Material to process Block Start

(* Let $G$ be a connected graph, let $(u,v)\in V_p$, and let $R\subseteq V(G)$ be any resolving set for $G$. (1) If $r_w(u,v)=0$ for all $w\in V(G)\setminus\{u,v\}$, then $u\in R$ or $v\in R$. (2) If $r_w(u,v)=\frac12$ for some $w\in V(G)$, then $u\in R$ or $v\in R$.
   Context: Graphs are finite, simple and connected; $d(u,v)$ denotes the shortest-path distance. $V_p$ denotes the set of all unordered pairs $(u,v)$ of distinct vertices. A vertex $x$ resolves the pair $(u,v)$ if $d(x,u)\neq d(x,v)$. A set $R\subseteq V(G)$ is a resolving set for $G$ if every pair of distinct vertices of $G$ is resolved by some element of $R$. For $(u,v)\in V_p$, $R(u,v)$ is the set of all vertices resolving $(u,v)$. The resolving share of a vertex $w$ for $(u,v)$ is $r_w(u,v)=\frac{1}{|R(u,v)|}$ if $w$ resolves $u$ and $v$, and $r_w(u,v)=0$ otherwise. *)

From mathcomp Require Import all_boot all_order all_algebra.
Set Implicit Arguments. Unset Strict Implicit. Unset Printing Implicit Defensive.
Import GRing.Theory Num.Theory.

Definition simple_graph (T : finType) (e : rel T) : Prop :=
  symmetric e /\ irreflexive e.

Fixpoint reach (T : finType) (e : rel T) (n : nat) (x y : T) : bool :=
  match n with
  | 0 => x == y
  | n'.+1 => reach e n' x y || [exists z, reach e n' x z && e z y]
  end.

Definition connected_graph (T : finType) (e : rel T) : Prop :=
  forall x y : T, exists n, reach e n x y.

(* Shortest-path distance: the least n such that y is reachable from x
   within n steps (a shortest path has at most #|T| - 1 edges, so searching
   n in 0 .. #|T|-1 suffices in a connected graph). *)
Definition dist (T : finType) (e : rel T) (x y : T) : nat :=
  find (fun n => reach e n x y) (iota 0 #|T|).

Definition resolves (T : finType) (e : rel T) (x u v : T) : bool :=
  dist e x u != dist e x v.

Definition resolving_set (T : finType) (e : rel T) (R : {set T}) : Prop :=
  forall u v : T, u != v -> exists2 x, x \in R & resolves e x u v.

Definition resolvers (T : finType) (e : rel T) (u v : T) : {set T} :=
  [set x | resolves e x u v].

Definition rshare (T : finType) (e : rel T) (w u v : T) : rat :=
  if resolves e w u v then ((#|resolvers e u v|%:R)^-1)%R else 0%R.

From mathcomp Require Import all_boot all_order all_algebra.
Set Implicit Arguments. Unset Strict Implicit. Unset Printing Implicit Defensive.
Import GRing.Theory Num.Theory.
Local Open Scope ring_scope.

(* Both u and v resolve (u,v), being at distance 0 from themselves only.  A
   resolving set must contain some resolver of (u,v); each hypothesis forces
   every resolver to be u or v: in (1) any other resolver would get a positive
   share, in (2) a share of 1/2 means there are exactly two resolvers. *)

Section Resolvers.

Variables (T : finType) (e : rel T).

Lemma dist_eq0 (x y : T) : (dist e x y == 0%N) = (x == y).
Proof.
rewrite /dist; have : (0 < #|T|)%N by apply/card_gt0P; exists x.
by case: #|T| => [|n] //= _; case: (x == y).
Qed.

Lemma dist_self (x : T) : dist e x x = 0%N.
Proof. by apply/eqP; rewrite dist_eq0. Qed.

Lemma resolves_left (u v : T) : u != v -> resolves e u u v.
Proof. by move=> uv; rewrite /resolves dist_self eq_sym dist_eq0. Qed.

Lemma resolves_right (u v : T) : u != v -> resolves e v u v.
Proof. by move=> uv; rewrite /resolves dist_self dist_eq0 eq_sym. Qed.

Lemma resolvers_endpoints (u v : T) : u != v -> [set u; v] \subset resolvers e u v.
Proof.
move=> uv; apply/subsetP=> y; rewrite !inE.
by case/orP=> /eqP->; [exact: resolves_left | exact: resolves_right].
Qed.

Lemma rshare_eq0 (w u v : T) : (rshare e w u v == 0) = ~~ resolves e w u v.
Proof.
rewrite /rshare; case: ifP => [res|_]; last by rewrite eqxx.
rewrite invr_eq0 pnatr_eq0 cards_eq0; apply/set0Pn; exists w; by rewrite inE.
Qed.

Lemma card_resolvers_rshare_half (w u v : T) :
  rshare e w u v = 1 / 2 -> #|resolvers e u v| = 2%N.
Proof.
rewrite /rshare mul1r; case: ifP => _ => [/(congr1 GRing.inv)|/esym/eqP].
- by rewrite !invrK => /eqP; rewrite (eqr_nat rat _ 2) => /eqP.
- by rewrite invr_eq0 pnatr_eq0.
Qed.

Lemma resolvers_card2 (u v : T) :
  u != v -> #|resolvers e u v| = 2%N -> resolvers e u v = [set u; v].
Proof.
move=> uv card2; apply/eqP; rewrite eq_sym eqEcard resolvers_endpoints //=.
by rewrite card2 cards2 uv.
Qed.

Lemma resolving_set_endpoint (R : {set T}) (u v : T) :
  resolving_set e R -> u != v -> {subset resolvers e u v <= [set u; v]} ->
  u \in R \/ v \in R.
Proof.
move=> resR uv sub; have [x xR xres] := resR u v uv.
have : x \in [set u; v] by apply: sub; rewrite inE.
by rewrite !inE => /orP[] /eqP xE; rewrite -xE; [left | right].
Qed.

End Resolvers.

Theorem lemma2p9 (T : finType) (e : rel T) (u v : T) (R : {set T}) :
  simple_graph e -> connected_graph e -> u != v -> resolving_set e R ->
  ((forall w : T, w != u -> w != v -> rshare e w u v = 0) ->
     u \in R \/ v \in R) /\
  ((exists w : T, rshare e w u v = 1 / 2) -> u \in R \/ v \in R).
Proof.
move=> _ _ uv resR; split.
- move=> share0; apply: (resolving_set_endpoint resR uv) => w.
  rewrite !inE; apply: contraLR; rewrite negb_or => /andP[wu wv].
  by rewrite -rshare_eq0 share0.
- case=> w /card_resolvers_rshare_half card2.
  by apply: (resolving_set_endpoint resR uv) => y; rewrite resolvers_card2.
Qed.
(* Let $(G,R,\omega)$ be a metric RPP instance. Let $v$ be a vertex to which vertex extraction (as defined below) is applicable, and let $R'$ be a result of extracting $v$ from $G\langle R\rangle$. Then: (i) $V(R')=V(R)\setminus\{v\}$; (ii) $\omega(R')\le\omega(R)$ and $|R'|\le|R|$; (iii) each vertex of $G\langle R'\rangle$ is balanced in $G\langle R'\rangle$ if and only if it is balanced in $G\langle R\rangle$; (iv) two vertices of $G\langle R'\rangle$ are connected in $G\langle R'\rangle$ if and only if they are connected in $G\langle R\rangle$; (v) every multiset $S$ of edges with $V(S)\subseteq V(R')$ is an Eulerian extension for $(G,R',\omega)$ if and only if it is one for $(G,R,\omega)$.
   Context: An RPP instance is a triple $(G,R,\omega)$, where $G=(V,E)$ is an undirected multigraph, $\omega\colon E\to\mathbb{N}$ assigns weights (parallel edges have equal weight), and $R$ is a nonempty multiset of edges of $G$. The instance is metric if $G$ contains an edge between any two vertices and the weights satisfy the triangle inequality $\omega(\{u,w\})\le\omega(\{u,v\})+\omega(\{v,w\})$ for all $u,v,w\in V$. For a multiset $X$ of edges: - $\omega(X)$ and $|X|$ are weight and cardinality with multiplicity; - $V(X)$ is the set of vertices incident to edges of $X$; - $G\langle X\rangle=(V(X),X)$; - $\uplus$ and $\setminus$ denote multiset sum and difference. A vertex is balanced if its degree is even (a loop counts 2). A multigraph without isolated vertices is Eulerian if it is connected and all vertices are balanced. An Eulerian extension for $(G,R,\omega)$ is a multiset $S$ of edges with $G\langle R\uplus S\rangle$ Eulerian. A block is a maximal subgraph without cut vertices. Vertex extraction. Let $v$ be a vertex that is balanced in $G\langle R\rangle$ and lies in a connected component of $G\langle R\rangle$ with at least three vertices. Suppose moreover that $v$ is either not a cut vertex of $G\langle R\rangle$, or a cut vertex contained in exactly two blocks of $G\langle R\rangle$. Let $R_v\subseteq R$ be the required edges incident to $v$. (a) If $v$ is not a cut vertex of $G\langle R\rangle$: let $M_v$ be any perfect matching (of edges of $G$) on the set of vertices other than $v$ that are incident to an odd number of edges of $R_v$. The result is $R'=(R\setminus R_v)\uplus M_v$. (b) If $v$ is a cut vertex contained in exactly two blocks $A$ and $B$: let $a\ne v$ be a neighbor of $v$ in $A$ and $b\ne v$ a neighbor of $v$ in $B$, and let $R''=(R\setminus\{\{a,v\},\{b,v\}\})\uplus\{\{a,b\}\}$. If $v\notin V(R'')$, the result is $R''$. Otherwise $v$ is not a cut vertex of $G\langle R''\rangle$, and the result is the result of extracting $v$ from $G\langle R''\rangle$ according to (a). *)

From HB Require Import structures.
From mathcomp Require Import all_boot.
Set Implicit Arguments. Unset Strict Implicit. Unset Printing Implicit Defensive.

(* The multigraph G = (V, E): V and E are finite types; each edge e has the
   (unordered) pair of endpoints given by [ends e] (a loop has equal ends).
   A multiset of edges of G is a multiplicity function {ffun E -> nat}. *)
Section RPP.
Variables (V E : finType) (ends : E -> V * V).

Definition mset := {ffun E -> nat}.

Definition incident (e : E) (x : V) : bool :=
  (x == (ends e).1) || (x == (ends e).2).

Definition links (e : E) (u w : V) : bool :=
  (ends e == (u, w)) || (ends e == (w, u)).

(* degree of x in G<X>, loops counted twice, multiplicities counted *)
Definition deg (X : mset) (x : V) : nat :=
  \sum_(e : E) X e * (((ends e).1 == x) + ((ends e).2 == x)).

Definition balanced (X : mset) (x : V) : bool := ~~ odd (deg X x).

Definition VX (X : mset) : {set V} :=
  [set x | [exists e, (0 < X e) && incident e x]].

Definition weight (w : E -> nat) (X : mset) : nat := \sum_(e : E) X e * w e.
Definition card_ms (X : mset) : nat := \sum_(e : E) X e.

Definition msum (X Y : mset) : mset := [ffun e => X e + Y e].
Definition mdiff (X Y : mset) : mset := [ffun e => X e - Y e].
Definition single (e0 : E) : mset := [ffun e => nat_of_bool (e == e0)].
Definition sub_ms (X Y : mset) : Prop := forall e, X e <= Y e.

Definition adj (X : mset) : rel V :=
  fun x y => [exists e, (0 < X e) && links e x y].

Definition connectedX (W : {set V}) (F : mset) : Prop :=
  forall x y, x \in W -> y \in W -> connect (adj F) x y.

(* G<X> is Eulerian: connected and all vertices balanced
   (G<X> has no isolated vertices by construction) *)
Definition eulerian (X : mset) : Prop :=
  connectedX (VX X) X /\ forall x, x \in VX X -> balanced X x.

Definition eulerian_extension (R S : mset) : Prop := eulerian (msum R S).

(* Subgraphs are pairs (W, F) of a vertex set and an edge multiset whose
   edges have both ends in W. *)
Definition rm_edges (F : mset) (x : V) : mset :=
  [ffun e => if incident e x then 0 else F e].

Definition ncomp (W : {set V}) (F : mset) : nat :=
  #|[set [set y in W | connect (adj F) x y] | x in W]|.

Definition is_cut (W : {set V}) (F : mset) (x : V) : bool :=
  (x \in W) && (ncomp W F < ncomp (W :\ x) (rm_edges F x)).

Definition is_subgraph (R : mset) (W : {set V}) (F : mset) : Prop :=
  W \subset VX R /\ sub_ms F R /\
  (forall e, 0 < F e -> (ends e).1 \in W /\ (ends e).2 \in W).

Material to process Block End

What you are asked to do: From the records above, copy out the line with "rewrite /rshare; case: ifP", the line with "by apply: (resolving_set_endpoint", and every line between them, word for word.

Task response:
rewrite /rshare; case: ifP => [res|_]; last by rewrite eqxx.
rewrite invr_eq0 pnatr_eq0 cards_eq0; apply/set0Pn; exists w; by rewrite inE.
Qed.

Lemma card_resolvers_rshare_half (w u v : T) :
  rshare e w u v = 1 / 2 -> #|resolvers e u v| = 2%N.
Proof.
rewrite /rshare mul1r; case: ifP => _ => [/(congr1 GRing.inv)|/esym/eqP].
- by rewrite !invrK => /eqP; rewrite (eqr_nat rat _ 2) => /eqP.
- by rewrite invr_eq0 pnatr_eq0.
Qed.

Lemma resolvers_card2 (u v : T) :
  u != v -> #|resolvers e u v| = 2%N -> resolvers e u v = [set u; v].
Proof.
move=> uv card2; apply/eqP; rewrite eq_sym eqEcard resolvers_endpoints //=.
by rewrite card2 cards2 uv.
Qed.

Lemma resolving_set_endpoint (R : {set T}) (u v : T) :
  resolving_set e R -> u != v -> {subset resolvers e u v <= [set u; v]} ->
  u \in R \/ v \in R.
Proof.
move=> resR uv sub; have [x xR xres] := resR u v uv.
have : x \in [set u; v] by apply: sub; rewrite inE.
by rewrite !inE => /orP[] /eqP xE; rewrite -xE; [left | right].
Qed.

End Resolvers.

Theorem lemma2p9 (T : finType) (e : rel T) (u v : T) (R : {set T}) :
  simple_graph e -> connected_graph e -> u != v -> resolving_set e R ->
  ((forall w : T, w != u -> w != v -> rshare e w u v = 0) ->
     u \in R \/ v \in R) /\
  ((exists w : T, rshare e w u v = 1 / 2) -> u \in R \/ v \in R).
Proof.
move=> _ _ uv resR; split.
- move=> share0; apply: (resolving_set_endpoint resR uv) => w.
  rewrite !inE; apply: contraLR; rewrite negb_or => /andP[wu wv].
  by rewrite -rshare_eq0 share0.
- case=> w /card_resolvers_rshare_half card2.
  by apply: (resolving_set_endpoint resR uv) => y; rewrite resolvers_card2.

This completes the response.